Regardless, you can definitely use the OS X included "Screen sharing" (which is kind of hidden) even remotely, I think. You just need to enable certain ports in your firewall/router.

If you are an advanced user and like tinkering around, sure, you can SSH into it.

However, TeamViewer is fantastic and I've troubleshooted devices 10,000 miles away, no problem. The end user didn't even need to fiddle with any ports, just ran the app and emailed me the passcode. It was even a Windows machine.
That is good that it has worked well for you.

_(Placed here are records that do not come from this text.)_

Lemma scalar_bound_far p m r : 3 <= p -> 0 < m -> m <= 3 * r ->
  (p - 1) * (p - 2) * Rpower r (p - 3) <= 3 / m * (p * (p - 1) * Rpower r (p - 2)).
Proof.
  intros Hp Hm Hr.
  assert (Hpow : Rpower r (p - 2) = Rpower r (p - 3) * r).
  { replace (p - 2) with ((p - 3) + 1) by ring; rewrite Rpower_plus, Rpower_1 by lra; reflexivity. }
  pose proof (Rpower_pos r (p - 3)).
  assert (1 <= 3 * r / m).
  { unfold Rdiv; rewrite <- (Rinv_r m) by lra.
    apply Rmult_le_compat_r; [left; apply Rinv_0_lt_compat|]; lra. }
  rewrite Hpow; apply Rle_trans with (p * (p - 1) * Rpower r (p - 3) * (3 * r / m)).
  - assert (0 <= p * (p - 1) * Rpower r (p - 3)) by (apply Rmult_le_pos; nra).
    assert ((p - 1) * (p - 2) <= p * (p - 1)) by nra.
    nra.
  - right; field; lra.
Qed.

Lemma scalar_bound_near p m r : 3 <= p -> 0 < r -> 3 * r <= m ->
  (p - 1) * (p - 2) * Rpower r (p - 3) <= 4 * Rpower m (p - 3).
Proof.
  intros Hp Hr Hrm.
  pose proof (poly_le_pow3 (p - 3) ltac:(lra)) as Hpoly.
  pose proof (Rpower_pos r (p - 3)).
  apply Rle_trans with (4 * (Rpower 3 (p - 3) * Rpower r (p - 3))).
  - replace ((p - 1) * (p - 2)) with ((p - 3 + 1) * (p - 3 + 2)) by ring; nra.
  - rewrite Rpower_mult_distr by lra.
    apply Rmult_le_compat_l, Rle_Rpower_l; lra.
Qed.

Lemma scalar_bound p mu r : 3 <= p -> 0 < mu -> 0 <= r ->
  (p - 1) * (p - 2) * rpow r (p - 3)
  <= 3 * Rpower mu (- / (p - 2)) * (p * (p - 1) * rpow r (p - 2) + 2 * mu).
Proof.
  intros Hp Hmu Hr.
  set (m := Rpower mu (/ (p - 2))).
  assert (Hm : 0 < m) by apply Rpower_pos.
  assert (Hinv : Rpower mu (- / (p - 2)) = / m) by apply Rpower_Ropp.
  assert (Hmu_m : Rpower m (p - 3) * m = mu).
  { rewrite <- (Rpower_1 m) at 2 by exact Hm; rewrite <- Rpower_plus; unfold m.
    rewrite Rpower_mult; replace (/ (p - 2) * (p - 3 + 1)) with 1 by (field; lra).
    apply Rpower_1, Hmu. }
  assert (Hmi : 0 < / m) by (apply Rinv_0_lt_compat, Hm).
  rewrite Hinv; unfold rpow.
  destruct (Rle_dec r 0); [nra|].
  assert (0 <= p * (p - 1) * Rpower r (p - 2))
    by (apply Rmult_le_pos; [nra | left; apply Rpower_pos]).
  assert (0 <= / m * mu) by nra.
  destruct (Rle_dec m (3 * r)).
  - pose proof (scalar_bound_far p m r Hp Hm ltac:(lra)); unfold Rdiv in *; nra.
  - pose proof (scalar_bound_near p m r Hp ltac:(lra) ltac:(lra)).
    assert (Rpower m (p - 3) = mu * / m) by (rewrite <- Hmu_m; field; lra).
    nra.
Qed.

Lemma third_term_bound p mu a wi ui N : 3 <= p -> 0 < mu -> Rabs wi <= N ->
  Rabs (p * (p - 1) * (p - 2) * sgnpow (p - 3) a * wi * ui ^ 2)
  <= 3 * p * Rpower mu (- / (p - 2)) * N
       * (p * (p - 1) * abspow (p - 2) a * ui ^ 2 + mu * (2 * ui ^ 2)).
Proof.
  intros Hp Hmu Hw.
  pose proof (scalar_bound p mu (Rabs a) Hp Hmu (Rabs_pos a)) as Hs.
  fold (abspow (p - 3) a) (abspow (p - 2) a) in Hs.
  pose proof (abspow_nonneg (p - 3) a).
  pose proof (Rabs_pos wi).
  assert (Hpu : 0 <= p * ui ^ 2) by (pose proof (pow2_ge_0 ui); nra).
  replace (p * (p - 1) * (p - 2) * sgnpow (p - 3) a * wi * ui ^ 2)
    with (p * ui ^ 2 * ((p - 1) * (p - 2)) * (sgnpow (p - 3) a * wi)) by ring.
  rewrite Rabs_mult, (Rabs_mult (sgnpow _ _)), Rabs_sgnpow, (Rabs_pos_eq (_ * _)) by nra.
  apply Rle_trans with (p * ui ^ 2 * N * ((p - 1) * (p - 2) * abspow (p - 3) a)).
  - replace (p * ui ^ 2 * N * ((p - 1) * (p - 2) * abspow (p - 3) a))
      with (p * ui ^ 2 * ((p - 1) * (p - 2)) * (abspow (p - 3) a * N)) by ring.
    apply Rmult_le_compat_l; [nra | apply Rmult_le_compat_l; lra].
  - replace (3 * p * Rpower mu (- / (p - 2)) * N
               * (p * (p - 1) * abspow (p - 2) a * ui ^ 2 + mu * (2 * ui ^ 2)))
      with (p * ui ^ 2 * N * (3 * Rpower mu (- / (p - 2))
                              * (p * (p - 1) * abspow (p - 2) a + 2 * mu))) by ring.
    apply Rmult_le_compat_l; [apply Rmult_le_pos; lra | exact Hs].
Qed.

Theorem lemma10 :
  exists C : R, 0 < C /\
    forall (n : nat) (p mu : R) (b y x u w : nat -> R),
      3 <= p -> 0 < mu ->
      (3 < p \/ (forall i, (i < n)%nat -> x i <> b i)) ->
      exists l2 l3 : R,
        second_dir (hfun n p mu b y) x u l2 /\
        third_dir (hfun n p mu b y) x u w l3 /\
        Rabs l3 <= C * p * Rpower mu (- / (p - 2)) * norm2 n w * l2.
Proof.
  exists 3; split; [lra|].
  intros n p mu b y x u w Hp Hmu Hx.
  exists (hess_quad n p mu b x u), (third_quad n p b x u w).
  split; [apply second_dir_hfun, Hp|].
  split; [apply third_dir_hfun; assumption|].
  unfold hess_quad, third_quad.
  rewrite <- rsum_scal, <- rsum_add, <- rsum_scal.
  apply Rabs_rsum_le; intros i Hi.
  apply third_term_bound; [exact Hp | exact Hmu | apply Rabs_le_norm2, Hi].
Qed.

I know that GoToAssist, GoToMeeting, etc. will record the session as an option to allow the user to download the session to review later, or to allow the technician's manager to review it, etc. From what I understand, the host computer being remoted into maintains a TCP connection outbound to Citrix servers (in GoToAssist case) and when you start the remote session, their server acts as a proxy, hence bypassing all firewall rules unless DPI is set up and properly configured. This "cloud" stuff is a network administrator's nightmare with the current state of firewall, etc.

I was not trying to challenge your knowledge, but just offer an option based on my experiences.